Upper class, educated and affluent Bengalis were largely missing from the city’s community Pujas, branded as ‘Sarbojanin’or ‘Puja for All’, where people irrespective of religion, caste, creed and class could take part. But this section was conspicuous by their absence just as middle and upper class Maharashtrians have been keeping away from Ganapati Mandals in Mumbai. Have both the festivals been taken over by political lumpens, I wondered.

Call it the BJP effect, I could sense an invisible wall which has come up between Bengali and non-Bengali speaking communities. Even in the well-known gated communities, I witnessed people calling each other names under the breath. It was disconcerting.

Communal violence in neighbouring Bangladesh and politics also cast their shadows. As long as the Left Front was in power, there was no overt patronage by the state government of the community pujas. But now with the state government and the chief minister giving grants and inaugurating ‘pujas’, politics is now a part of the celebrations. BJP took the cue and has tried to organize its ‘own’ puja. The community, not surprisingly, has retreated.

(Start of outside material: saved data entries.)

(* Let $P:\mathcal C^{op}\to\mathbf{PreOrd}$ be a doctrine and $J$ a Grothendieck topology on $\mathcal C\rtimes P$. Then there is a chain of isomorphisms of doctrines $$Z(P,J)\cong Z(P^\top,J^\top)\cong\mathfrak I(P^\top,J^\top)\cong\mathfrak I(P,J).$$ In particular the topos-theoretically defined doctrine $Z(P,J)$ is isomorphic to the explicitly described doctrine $\mathfrak I(P,J)$.
   Context: For a doctrine $P:\mathcal C^{op}\to\mathbf{PreOrd}$, $\mathcal C\rtimes P$ has objects $(c,x)$, $x\in P(c)$, and morphisms $f:(c,x)\to(d,y)$ the $f:c\to d$ with $x\le P(f)(y)$; $p_P:\mathcal C\rtimes P\to\mathcal C$ is the projection. Topos-theoretic completion $Z(P,J):\mathcal C^{op}\to\mathbf{Frm}$: for $c\in\mathcal C$, $Z(P,J)(c)$ is the frame of subobjects, in $\mathbf{Sh}(\mathcal C\rtimes P,J)$, of the sheafification $a_J(\mathrm{Hom}_{\mathcal C}(p_P(-),c))$ of the presheaf $\mathrm{Hom}_{\mathcal C}(p_P(-),c)$ on $\mathcal C\rtimes P$; for $f:d\to c$, $Z(P,J)(f)$ is pullback along $a_J(\mathrm{Hom}_{\mathcal C}(p_P(-),f))$. (Equivalently, $Z(P,J)$ is the direct image of the subobject classifier of $\mathbf{Sh}(\mathcal C\rtimes P,J)$ along the geometric morphism to $\mathbf{Sets}^{\mathcal C^{op}}$ induced by $p_P$.) Explicit completion $\mathfrak I(P,J)$: $\mathfrak I(P,J)(c)$ is the set, ordered by inclusion, of sets $S$ of pairs $(f,x)$ with $f:d\to c$ in $\mathcal C$ and $x\in P(d)$ such that (a) if $(f,x)\in S$, $g:e\to d$, $y\in P(e)$ and $y\le P(g)(x)$ then $(f\circ g,y)\in S$; (b) if $f:d\to c$, $x\in P(d)$ and there is a $J$-covering family $\{h_i:(e_i,y_i)\to(d,x)\}$ in $\mathcal C\rtimes P$ with $(f\circ h_i,y_i)\in S$ for all $i$, then $(f,x)\in S$; and $\mathfrak I(P,J)(f)(S)=\{(g,y):(f\circ g,y)\in S\}$ for $f:d\to c$. Free top completion: $P^\top(c)=P(c)\oplus\{\top_c\}$ ($P(c)$ with a new top element), $P^\top(f)$ extends $P(f)$ with $\top_c\mapsto\top_d$. $J^\top$ on $\mathcal C\rtimes P^\top$: a sieve on $(c,x)$, $x\in P(c)$, covers iff it is $J$-covering; a sieve $S$ on $(c,\top_c)$ covers iff $f^*(S)$ is $J$-covering for every $f:(d,x)\to(c,\top_c)$ with $x\in P(d)$. *)

From Stdlib Require Import ProofIrrelevance.
Set Implicit Arguments.
Unset Strict Implicit.

(** * Categories (hom-types with Leibniz equality of morphisms) *)
Record Cat := MkCat {
  ob : Type;
  hom : ob -> ob -> Type;
  idm : forall a, hom a a;
  cmp : forall a b c, hom b c -> hom a b -> hom a c;
  cmp_idl : forall a b (f : hom a b), cmp (idm b) f = f;
  cmp_idr : forall a b (f : hom a b), cmp f (idm a) = f;
  cmp_assoc : forall a b c d (h : hom c d) (g : hom b c) (f : hom a b),
     cmp h (cmp g f) = cmp (cmp h g) f }.
Arguments hom : clear implicits.
Arguments idm {_} a.
Arguments cmp {_ _ _ _} _ _.

(** * Doctrines  P : C^op -> PreOrd  (strict functors) *)
Record Doctrine (C : Cat) := MkDoc {
  dP : ob C -> Type;
  dle : forall c, dP c -> dP c -> Prop;
  dle_refl : forall c (x : dP c), dle x x;
  dle_trans : forall c (x y z : dP c), dle x y -> dle y z -> dle x z;
  dmap : forall c d, hom C d c -> dP c -> dP d;
  dmap_mono : forall c d (f : hom C d c) (x y : dP c),
     dle x y -> dle (dmap f x) (dmap f y);
  dmap_id : forall c (x : dP c), dmap (idm c) x = x;
  dmap_cmp : forall c d e (f : hom C d c) (g : hom C e d) (x : dP c),
     dmap (cmp f g) x = dmap g (dmap f x) }.
Arguments dP {C} _ c.
Arguments dle {C _ c}.
Arguments dmap {C _ c d}.

Lemma sig_eq (A : Type) (Q : A -> Prop) (u v : sig Q) :
  proj1_sig u = proj1_sig v -> u = v.
Proof. destruct u, v; simpl; intros ->; f_equal; apply proof_irrelevance. Qed.

(** * The Grothendieck construction  C ⋊ P  and the projection p_P *)
Section CP.
Variables (C : Cat) (P : Doctrine C).
Definition CPob := {c : ob C & dP P c}.
Definition CPhom (a b : CPob) :=
  {f : hom C (projT1 a) (projT1 b) | dle (projT2 a) (dmap f (projT2 b))}.
Lemma CPid_pf (a : CPob) : dle (projT2 a) (dmap (idm (projT1 a)) (projT2 a)).
Proof. rewrite dmap_id; apply dle_refl. Qed.
Definition CPid (a : CPob) : CPhom a a := exist _ (idm _) (CPid_pf a).
Lemma CPcmp_pf (a b c : CPob) (g : CPhom b c) (f : CPhom a b) :
  dle (projT2 a) (dmap (cmp (proj1_sig g) (proj1_sig f)) (projT2 c)).
Proof.
  rewrite dmap_cmp. eapply dle_trans. apply (proj2_sig f).
  apply dmap_mono, (proj2_sig g).
Qed.
Definition CPcmp (a b c : CPob) (g : CPhom b c) (f : CPhom a b) : CPhom a c :=
  exist _ (cmp (proj1_sig g) (proj1_sig f)) (CPcmp_pf g f).
Lemma CPcmp_idl a b (f : CPhom a b) : CPcmp (CPid b) f = f.
Proof. apply sig_eq; simpl; apply cmp_idl. Qed.
Lemma CPcmp_idr a b (f : CPhom a b) : CPcmp f (CPid a) = f.
Proof. apply sig_eq; simpl; apply cmp_idr. Qed.
Lemma CPcmp_assoc a b c d (h : CPhom c d) (g : CPhom b c) (f : CPhom a b) :
  CPcmp h (CPcmp g f) = CPcmp (CPcmp h g) f.
Proof. apply sig_eq; simpl; apply cmp_assoc. Qed.
Definition CP : Cat := MkCat CPcmp_idl CPcmp_idr CPcmp_assoc.
End CP.

Definition sieve (D : Cat) (o : ob D) := forall e : ob D, hom D e o -> Prop.
Definition is_sieve (D : Cat) (o : ob D) (S : sieve o) : Prop :=
  forall e (h : hom D e o) e' (g : hom D e' e), S e h -> S e' (cmp h g).
Definition max_sieve (D : Cat) (o : ob D) : sieve o := fun _ _ => True.
Definition pb_sieve (D : Cat) (o a : ob D) (f : hom D a o) (S : sieve o) : sieve a :=
  fun e h => S e (cmp f h).
Definition gen_sieve (D : Cat) (o : ob D) (I : Type) (e : I -> ob D)
  (h : forall i, hom D (e i) o) : sieve o :=
  fun e' k => exists i (g : hom D e' (e i)), k = cmp (h i) g.

Definition coverage (D : Cat) := forall o : ob D, sieve o -> Prop.

Definition is_topology (D : Cat) (J : coverage D) : Prop :=
  (forall o S, J o S -> is_sieve S) /\
  (forall o, J o (max_sieve (o := o))) /\
  (forall o (S : sieve o) a (f : hom D a o), J o S -> J a (pb_sieve f S)) /\
  (forall o (S R : sieve o), J o S -> is_sieve R ->
     (forall e (h : hom D e o), S e h -> J e (pb_sieve h R)) -> J o R).

Record Psh (D : Cat) := MkPsh {
  pobj : ob D -> Type;
  pmap : forall a b, hom D a b -> pobj b -> pobj a;
  pmap_id : forall a (x : pobj a), pmap (idm a) x = x;
  pmap_cmp : forall a b c (g : hom D b c) (f : hom D a b) (x : pobj c),
     pmap (cmp g f) x = pmap f (pmap g x) }.
Arguments pobj {D} _ a.
Arguments pmap {D} _ {a b}.

Definition NT (D : Cat) (F G : Psh D) :=
  {eta : forall a, pobj F a -> pobj G a |
     forall a b (f : hom D a b) x, eta a (pmap F f x) = pmap G f (eta b x)}.
Definition ntc (D : Cat) (F G : Psh D) (u : NT F G) a : pobj F a -> pobj G a :=
  proj1_sig u a.
Arguments ntc {D F G} u a _.
Lemma ntcomp_pf (D : Cat) (F G H : Psh D) (v : NT G H) (u : NT F G) :
  forall a b (f : hom D a b) x,
    ntc v a (ntc u a (pmap F f x)) = pmap H f (ntc v b (ntc u b x)).
Proof.
  intros. unfold ntc. rewrite (proj2_sig u), (proj2_sig v). reflexivity.
Qed.
Definition ntcomp (D : Cat) (F G H : Psh D) (v : NT G H) (u : NT F G) : NT F H :=
  exist _ (fun a x => ntc v a (ntc u a x)) (ntcomp_pf v u).
Definition nteq (D : Cat) (F G : Psh D) (u v : NT F G) : Prop :=
  forall a x, ntc u a x = ntc v a x.

Definition is_sheaf (D : Cat) (J : coverage D) (F : Psh D) : Prop :=
  forall o (S : sieve o), J o S ->
  forall s : forall e (h : hom D e o), S e h -> pobj F e,
  (forall e (h : hom D e o) (Hh : S e h) e' (g : hom D e' e) (Hg : S e' (cmp h g)),
      s e' (cmp h g) Hg = pmap F g (s e h Hh)) ->
  exists x, (forall e (h : hom D e o) (Hh : S e h), pmap F h x = s e h Hh) /\
     (forall y, (forall e (h : hom D e o) (Hh : S e h), pmap F h y = s e h Hh) -> y = x).

Definition is_sheafification (D : Cat) (J : coverage D) (X A : Psh D) (eta : NT X A) : Prop :=
  is_sheaf J A /\
  forall G, is_sheaf J G -> forall t : NT X G,
    exists u : NT A G, nteq (ntcomp u eta) t /\
      forall u' : NT A G, nteq (ntcomp u' eta) t -> nteq u' u.

Definition is_mono_sh (D : Cat) (J : coverage D) (G A : Psh D) (m : NT G A) : Prop :=
  forall H, is_sheaf J H -> forall u v : NT H G,
    nteq (ntcomp m u) (ntcomp m v) -> nteq u v.

Record SubObj (D : Cat) (J : coverage D) (A : Psh D) := MkSub {
  so_dom : Psh D;
  so_sheaf : is_sheaf J so_dom;
  so_m : NT so_dom A;
  so_mono : is_mono_sh J so_m }.
Arguments so_dom {D J A}.
Arguments so_m {D J A}.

Kolkata’s community pujas getting politicised as the ‘community’ withdraws indoors

What was reassuring was to find a large section of West Bengal’s Muslim population enthusiastically joining in the festivities. Several community pujas across the state and in the city, reported the media, were organised by Muslims or with their help. The Muslim youth in the port area have been for years been organising a puja for sex workers and their children. This year was no exception. The Hindu-Muslim divide during the Puja was never an issue earlier. But thank politicians for this.

On the eighth day of the festivities, I was invited to join the Durga Puja by an aristocratic Bengali family in their palatial central Kolkata home. This family puja was nearly 300 years old, I was told. It was first held in their ancestral village - Telirbag - in undivided Bengal, now in Bangladesh. The family continued with the puja even after they migrated to Kolkata long before Partition and made this city their home.

Like so many other family pujas in Bengal, they continue to buy the idol of the goddess from the same potter’s family; the priests who perform the puja are doing it through successive generations and even the Dhakis–the percussionists - have a long association with this family puja. The best part is, everyone partakes the Ashtami bhog together.

While people in other parts of India celebrate Navaratri by fasting and abstinence from worldly pleasures, Bengalis during these five days eat, drink and make merry like there is no tomorrow. Fish fries, mutton rolls, Mughlai paratha, Nalli-Nehari, Biryani and Rui-Kaliaare often consumed on the same day.

The fasting is not at all mandatory. In fact, fasting for a few hours to make you eligible to offer ‘pushpanjali’, before gorging on food is the norm. I was relieved to find that even after a quarter of a century, Devi Durgais still fine with such gluttony.